I've always been a glass half full kind of girl, this natural optimism was rocked when we lost James, my glass just felt empty. As the weeks have gone by, I've started to feel more like my old self. Of course, I'll never be the same, but my love for life has begun to return and I now appreciate Mike, my family, friends, my home and even my questionable health much more.

Less Stress

We all have stressful lives, there is always a to-do list on the go, another commitment to add to the diary and a bill to pay, but now that, in my opinion, I have experienced one of the worst things a human can go through, I am a lot less stressed. I take all the small irritants of life with a pinch of optimistic salt. James has saved me from a lifetime of worrying over the small stuff.

New Friends

I have a lot of wonderful friends and didn't need any more but in my grief, I sought out to meet and read about those who could completely understand what child loss feels like and those that could guide me through this hard and painful road.

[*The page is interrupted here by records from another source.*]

Lemma dist_tangent_preimage_contact (R : realType) (X : completeNormedModType R)
    (Y : normedModType R) (phi : X -> Y) (A : set Y) (u x : X) (kappa r s eta M : R) :
  differentiable phi u -> 0 < kappa -> 0 < r -> 0 < s ->
  metrically_regular_balls phi u kappa r s -> 0 < eta -> 0 < M -> x != u ->
  `|phi x - phi u| <= M * `|x - u| ->
  `|phi x - phi u - 'd phi u (x - u)| <= eta * `|x - u| ->
  (dist (phi x - phi u)%R (bouligand_cone A (phi u)) <= (eta / M * `|phi x - phi u|)%:E)%E ->
  (dist (x - u)%R (bouligand_cone (phi @^-1` A) u) <=
    (2 * (kappa + 1) * (3 * eta) * `|x - u|)%R%:E)%E.
Proof.
move=> du k0 r0 s0 reg eta0 M0 xu lip strict contact.
have h0 : 0 < `|x - u| by rewrite normr_gt0 subr_eq0.
have [w Aw w_near] : exists2 w, bouligand_cone A (phi u) w &
    `|phi x - phi u - w| < eta / M * `|phi x - phi u| + eta * `|x - u|.
  by apply: dist_lt_ex; apply: le_lt_trans contact _; rewrite lte_fin ltrDl mulr_gt0.
apply: le_trans (dist_tangent_preimage_le x du k0 r0 s0 reg Aw) _.
have lip_eta : eta / M * `|phi x - phi u| <= eta * `|x - u|.
  rewrite mulrAC ler_pdivrMr // -mulrA (mulrC _ M).
  by apply: ler_wpM2l; [exact: ltW | exact: lip].
have := ler_distD (phi x - phi u) w ('d phi u (x - u)).
rewrite [`|w - (_ - _)|]distrC lee_fin -(mulrA (2 * _)) => w_dist.
by apply: ler_wpM2l; [rewrite mulr_ge0 // addr_ge0 // ltW | lra].
Qed.

Unset Implicit Arguments.

Theorem proposition3p4 (R : realType) (X Y : completeNormedModType R)
    (phi : X -> Y) (A : set Y) (xbar : X) :
  cont_diff phi -> closed A -> A (phi xbar) ->
  shapiro_contact A (phi xbar) -> metrically_regular phi xbar ->
  shapiro_contact (phi @^-1` A) xbar.
Proof.
move=> phi_C1 _ _ contactA MR eps eps0.
have phic := differentiable_continuous (phi_C1.1 xbar).
have [kappa [r [s [k0 r0 s0 reg]]]] := metrically_regular_near phic MR.
have [eta eta0 eps_eta] : exists2 eta, 0 < eta & eps = 2 * (kappa + 1) * (3 * eta).
  exists (eps / (3 * (2 * (kappa + 1)))); first by rewrite !divr_gt0 ?mulr_gt0 ?addr_gt0.
  by field; rewrite !lt0r_neq0 ?addr_gt0.
have [M M0 [dM dM0 lip]] := cont_diff_lipschitz_near xbar phi_C1.
have [dS dS0 strict] := cont_diff_strict xbar phi_C1 eta0.
have [dA dA0 contact] := contactA (eta / M) (divr_gt0 eta0 M0).
have [dc dc0 phi_near] := continuous_norm_ex phic dA0.
exists (Order.min r (Order.min dM (Order.min dS dc))); first by rewrite !lt_min r0 dM0 dS0.
move=> x u Cx Cu; rewrite !lt_min => /and4P[xr xM xS xc] /and4P[ur uM uS uc].
have [<-|xu] := eqVneq x u.
  rewrite subrr normr0 mulr0; apply: le_trans (dist_le_norm _ (bouligand_cone0 Cx)) _.
  by rewrite subrr normr0.
rewrite eps_eta; apply: dist_tangent_preimage_contact (phi_C1.1 u) k0 r0 s0 (reg _ ur)
  eta0 M0 xu (lip _ _ xM uM) (strict _ _ xS uS) _.
exact: contact _ _ Cx Cu (phi_near _ xc) (phi_near _ uc).
Qed.
(* Let $\psi\in\mathbf{\Psi}_n$, and $x:=(x_1,\ldots,x_n)\in X^n$ with $|\!|\!|x|\!|\!|_{\psi}=1$. Then $$\partial|\!|\!|\cdot|\!|\!|_\psi(x) = \Big\{(\xi_1 x^*_1,\ldots,\xi_n x^*_n)\mid x^*_i\in\partial\|\cdot\|(x_i)\ (i=1,\ldots,n),\ (\xi_1,\ldots,\xi_n)\in\partial|\!|\!|\cdot|\!|\!|_{\psi}(\nu)\Big\},$$ where $\nu:=(\|x_1\|,\ldots,\|x_n\|)\in\mathbb{R}^n$ and, in $\partial|\!|\!|\cdot|\!|\!|_{\psi}(\nu)$, $|\!|\!|\cdot|\!|\!|_\psi$ denotes the corresponding norm on $\mathbb{R}^n$.
   Context: Let $(X,\|\cdot\|)$ be a normed vector space, $n\ge2$. $\Omega_n:=\{t\in\mathbb{R}^n\mid t_i\ge0,\ \sum_i t_i=1\}$, $\Omega_n^\circ:=\{t\in\Omega_n\mid t_i<1\ \forall i\}$. $\mathbf{\Psi}_n$ is the class of convex continuous $\psi:\Omega_n\to\mathbb{R}$ with (B1) $\psi(\mathbf{e}_i)=1$ for all standard unit vectors $\mathbf{e}_i$ and (B2) $\psi(t)\ge(1-t_i)\psi\big(\frac{t_1}{1-t_i},\ldots,\frac{t_{i-1}}{1-t_i},0,\frac{t_{i+1}}{1-t_i},\ldots,\frac{t_n}{1-t_i}\big)$ for all $t\in\Omega_n^\circ$, $i=1,\ldots,n$. For $\psi\in\mathbf{\Psi}_n$, $|\!|\!|x|\!|\!|_\psi:=\big(\sum_{i}\|x_i\|\big)\,\psi\big(\frac{\|x_1\|}{\sum_{i}\|x_i\|},\ldots,\frac{\|x_n\|}{\sum_{i}\|x_i\|}\big)$ for $x\ne0$, $|\!|\!|0|\!|\!|_\psi:=0$ (on $\mathbb{R}^n$ take $X=\mathbb{R}$ with absolute value). $\partial$ denotes the convex subdifferential; $(X^n)^*$ is identified with $(X^* )^n$. *)

From HB Require Import structures.
From mathcomp Require Import all_boot all_order all_algebra.
From mathcomp Require Import all_classical all_reals all_analysis.
Set Implicit Arguments. Unset Strict Implicit. Unset Printing Implicit Defensive.
Import Order.TTheory GRing.Theory Num.Theory.
Import numFieldNormedType.Exports.
Local Open Scope classical_set_scope.
Local Open Scope ring_scope.

Definition Omega {R : realType} (n : nat) : set 'rV[R]_n :=
  [set t | (forall i, 0 <= t 0 i) /\ \sum_(i < n) t 0 i = 1].

Definition Omega_int {R : realType} (n : nat) : set 'rV[R]_n :=
  [set t | @Omega R n t /\ forall i, t 0 i < 1].

Definition unitv {R : realType} (n : nat) (i : 'I_n) : 'rV[R]_n :=
  \row_j (if j == i then 1 else 0).

Definition PsiClass {R : realType} (n : nat) (psi : 'rV[R]_n -> R) : Prop :=
  (forall s t, @Omega R n s -> @Omega R n t -> forall l : R, 0 <= l <= 1 ->
     psi (l *: s + (1 - l) *: t) <= l * psi s + (1 - l) * psi t) /\
  {within @Omega R n, continuous psi} /\
  (forall i, psi (@unitv R n i) = 1) /\
  (forall t, @Omega_int R n t -> forall i : 'I_n,
     psi t >= (1 - t 0 i) *
       psi (\row_j (if j == i then 0 else t 0 j / (1 - t 0 i)))).

Definition psinorm_of {R : realType} (n : nat) (psi : 'rV[R]_n -> R)
  (v : 'I_n -> R) : R :=
  let s := \sum_(i < n) v i in
  if s == 0 then 0 else s * psi (\row_i (v i / s)).

Definition psinorm {R : realType} {X : normedModType R} (n : nat)
  (psi : 'rV[R]_n -> R) (x : 'I_n -> X) : R :=
  psinorm_of psi (fun i => `|x i|).

Definition psinormR {R : realType} (n : nat) (psi : 'rV[R]_n -> R)
  (t : 'rV[R]_n) : R :=
  psinorm_of psi (fun i => `|t 0 i|).

Definition is_dual {R : realType} {X : normedModType R} (f : X -> R) : Prop :=
  (forall (a : R) (u v : X), f (a *: u + v) = a * f u + f v) /\ continuous f.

If you want to follow any inspirational or kick arse bereaved parents here are are few;















______________________________

Even though we would give anything to have James back, celebrating his health and happy entry into the world today, I have to give thanks for the things James has achieved and given us. Whenever and however a woman gives birth, she is changed whether it has a good or bad outcome. No doubt James' passing will continue to teach Mike and I hard lessons, but I am proud of our boy - our first born and true love but I'm also proud of us.